(* Let $1\le t_1<t_2$ and $n\ge t_1+t_2$ be integers, and let $G=G_n\langle t_1,t_2\rangle$. If $t_2\ne 2t_1$, then $G$ contains a hole of length $(t_1+t_2)/\gcd(t_1,t_2)$.
   Context: For integers $n\ge 2$, $k\ge 1$ and $1\le t_1<t_2<\cdots<t_k\le n-1$, the Toeplitz graph $G_n\langle t_1,\ldots,t_k\rangle$ is the simple graph with vertex set $[n]=\{1,\ldots,n\}$ in which two distinct vertices $i,j$ are adjacent if and only if $|i-j|\in\{t_1,\ldots,t_k\}$. A hole is an induced (chordless) cycle of length at least $4$. *)

From mathcomp Require Import all_boot.
Set Implicit Arguments. Unset Strict Implicit. Unset Printing Implicit Defensive.

Definition toeplitz_adj (n : nat) (ts : seq nat) (i j : nat) : bool :=
  [&& 1 <= i <= n, 1 <= j <= n, i != j & ((i - j) + (j - i)) \in ts].

(* A hole of G: an induced (chordless) cycle of length >= 4, given as the
   sequence c = [v_0; ...; v_{L-1}] of its distinct vertices in cyclic order. *)
Definition is_hole (adj : nat -> nat -> bool) (vert : pred nat) (c : seq nat) : Prop :=
  [/\ 4 <= size c, uniq c, all vert c &
      forall p q, p < q < size c ->
        adj (nth 0 c p) (nth 0 c q) = (q == p.+1) || ((p == 0) && (q == (size c).-1))].

Definition toeplitz_hole (n : nat) (ts : seq nat) (c : seq nat) : Prop :=
  is_hole (toeplitz_adj n ts) (fun v => 1 <= v <= n) c.

From mathcomp Require Import all_boot zify.

(* Write t1 = a d and t2 = b d with d = gcd(t1, t2), so that a and b are
   coprime, and put L = a + b.  On the L vertices 1 + (k a mod L) d, k < L,
   two vertices are at distance t1 or t2 exactly when their residues differ
   by a modulo L (because t1 + t2 = L d), i.e. exactly when their indices k
   differ by 1 modulo L, as a is invertible modulo L.  They therefore induce
   a cycle of length L, which is a hole because L >= 4 unless (a, b) = (1, 2),
   i.e. t2 = 2 t1. *)

Lemma coprime_divn_gcd m n :
  0 < gcdn m n -> coprime (m %/ gcdn m n) (n %/ gcdn m n).
Proof.
move=> d_gt0; rewrite /coprime -(eqn_pmul2r d_gt0) mul1n muln_gcdl.
by rewrite !divnK ?dvdn_gcdl ?dvdn_gcdr.
Qed.

Lemma eqn_modMr_coprime L a x y :
  coprime L a -> (x * a == y * a %[mod L]) = (x == y %[mod L]).
Proof.
move=> coLa; wlog le_yx : x y / y <= x.
  move=> wlog_le; case: (leqP y x) => [|/ltnW]; first exact: wlog_le.
  by rewrite eq_sym [RHS]eq_sym; apply: wlog_le.
by rewrite !eqn_mod_dvd ?leq_mul2r ?le_yx ?orbT // -mulnBl Gauss_dvdl.
Qed.

Lemma toeplitz_adjSS n ts i j : i < n -> j < n ->
  toeplitz_adj n ts i.+1 j.+1 = (i != j) && ((i - j) + (j - i) \in ts).
Proof. by move=> lt_in lt_jn; rewrite /toeplitz_adj !subSS eqSS lt_in lt_jn. Qed.

(* Since s + t is the modulus, distance t is distance s taken the other way round. *)
Lemma dist_pair_eq_shift s t x y : 0 < s -> 0 < t -> x < s + t -> y < s + t ->
  (x != y) && ((x - y) + (y - x) \in [:: s; t]) =
  (y == (x + s) %% (s + t)) || (x == (y + s) %% (s + t)).
Proof.
move=> s_gt0 t_gt0 lt_x lt_y.
have addn_mod z : z < s + t ->
    (z + s) %% (s + t) = if z + s < s + t then z + s else z + s - (s + t).
  move=> lt_z; case: ifP => [/modn_small //|ge_z].
  have -> : z + s = (z + s - (s + t)) + (s + t) by lia.
  by rewrite modnDr modn_small; lia.
rewrite !addn_mod // !inE.
by case: ifP => ?; case: ifP => ?; apply/idP/idP; lia.
Qed.

Lemma eqn_mod_succ_cycle L p q : p < q < L ->
  (q == p.+1 %[mod L]) || (p == q.+1 %[mod L]) =
  (q == p.+1) || ((p == 0) && (q == L.-1)).
Proof.
move=> /andP[lt_pq lt_qL].
have lt_pL := ltn_trans lt_pq lt_qL.
rewrite (modn_small lt_qL) (modn_small lt_pL) (modn_small (leq_ltn_trans lt_pq lt_qL)).
case: (ltnP q.+1 L) => [lt_q1L|le_Lq1].
  by rewrite modn_small //; apply/idP/idP; lia.
have -> : q.+1 = L by lia.
by rewrite modnn; apply/idP/idP; lia.
Qed.

Definition toeplitz_cycle (a b d : nat) : seq nat :=
  [seq (k * a %% (a + b) * d).+1 | k <- iota 0 (a + b)].

Section CoprimeHole.

Variables a b d : nat.
Hypotheses (a_gt0 : 0 < a) (b_gt0 : 0 < b) (d_gt0 : 0 < d).
Hypothesis coprime_ab : coprime a b.

Let L := a + b.

Let residue k := k * a %% L * d.

Let coprime_La : coprime L a.
Proof. by rewrite coprime_sym /coprime gcdnDl. Qed.

Lemma residue_lt k : residue k < L * d.
Proof. by rewrite /residue ltn_mul2r d_gt0 ltn_pmod // addn_gt0 a_gt0. Qed.

Lemma residue_shift k : (residue k + a * d) %% (L * d) = residue k.+1.
Proof. by rewrite /residue -mulnDl -muln_modl modnDml mulSn addnC. Qed.

Lemma residue_inj : {in gtn L &, injective residue}.
Proof.
move=> i j lt_iL lt_jL /eqP; rewrite eqn_pmul2r // -/(_ == _ %[mod L]).
by rewrite eqn_modMr_coprime // !modn_small // => /eqP.
Qed.

Lemma nth_toeplitz_cycle k : k < L -> nth 0 (toeplitz_cycle a b d) k = (residue k).+1.
Proof. by move=> lt_kL; rewrite (nth_map 0) ?size_iota // nth_iota. Qed.

Lemma toeplitz_cycle_adj n p q : L * d <= n -> p < L -> q < L ->
  toeplitz_adj n [:: a * d; b * d]
    (nth 0 (toeplitz_cycle a b d) p) (nth 0 (toeplitz_cycle a b d) q) =
  (q == p.+1 %[mod L]) || (p == q.+1 %[mod L]).
Proof.
move=> le_n lt_pL lt_qL; rewrite !nth_toeplitz_cycle //.
have lt_n k : residue k < n by apply: leq_trans (residue_lt k) le_n.
have modulusE : a * d + b * d = L * d by rewrite mulnDl.
rewrite toeplitz_adjSS // dist_pair_eq_shift ?modulusE ?residue_lt //;
  rewrite ?muln_gt0 ?a_gt0 ?b_gt0 ?d_gt0 //.
rewrite !residue_shift /residue !eqn_pmul2r //.
by rewrite -!/(_ == _ %[mod L]) !eqn_modMr_coprime.
Qed.

Lemma toeplitz_cycle_hole n : 4 <= L -> L * d <= n ->
  toeplitz_hole n [:: a * d; b * d] (toeplitz_cycle a b d).
Proof.
move=> L_ge4 le_n; have size_cycle : size (toeplitz_cycle a b d) = L.
  by rewrite size_map size_iota.
split; rewrite ?size_cycle //.
- rewrite map_inj_in_uniq ?iota_uniq // => i j; rewrite !mem_iota !add0n.
  by move=> lt_iL lt_jL [/residue_inj]; apply.
- by apply/allP => _ /mapP[k _ ->]; apply: leq_trans (residue_lt k) le_n.
move=> p q /andP[lt_pq lt_qL].
rewrite toeplitz_cycle_adj //; last exact: ltn_trans lt_qL.
by rewrite eqn_mod_succ_cycle ?lt_pq.
Qed.

End CoprimeHole.

Theorem lemma3p2 (n t1 t2 : nat) :
  1 <= t1 -> t1 < t2 -> t1 + t2 <= n -> t2 != t1 * 2 ->
  exists c : seq nat,
    toeplitz_hole n [:: t1; t2] c /\ size c = (t1 + t2) %/ gcdn t1 t2.
Proof.
move=> t1_gt0 lt_t12 le_n ne_t2.
set d := gcdn t1 t2; have d_gt0 : 0 < d by rewrite gcdn_gt0 t1_gt0.
set a := t1 %/ d; set b := t2 %/ d.
have def_t1 : t1 = a * d by rewrite divnK ?dvdn_gcdl.
have def_t2 : t2 = b * d by rewrite divnK ?dvdn_gcdr.
have a_gt0 : 0 < a by move: t1_gt0; rewrite def_t1 muln_gt0 => /andP[].
have lt_ab : a < b by move: lt_t12; rewrite def_t1 def_t2 ltn_mul2r => /andP[].
have L_ge4 : 4 <= a + b.
  rewrite leqNgt; apply/negP => lt_L4; have [a1 b2] : a = 1 /\ b = 2 by lia.
  by move: ne_t2; rewrite def_t1 def_t2 a1 b2 mul1n mulnC eqxx.
exists (toeplitz_cycle a b d); rewrite def_t1 def_t2 -mulnDl mulnK //.
split; last by rewrite size_map size_iota.
apply: toeplitz_cycle_hole => //; first exact: ltn_trans lt_ab.
  exact: coprime_divn_gcd.
by rewrite mulnDl -def_t1 -def_t2.
Qed.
—————
Action item
Copy each line holding the word "when" from the listing above.

Written answer
   two vertices are at distance t1 or t2 exactly when their residues differ
   by a modulo L (because t1 + t2 = L d), i.e. exactly when their indices k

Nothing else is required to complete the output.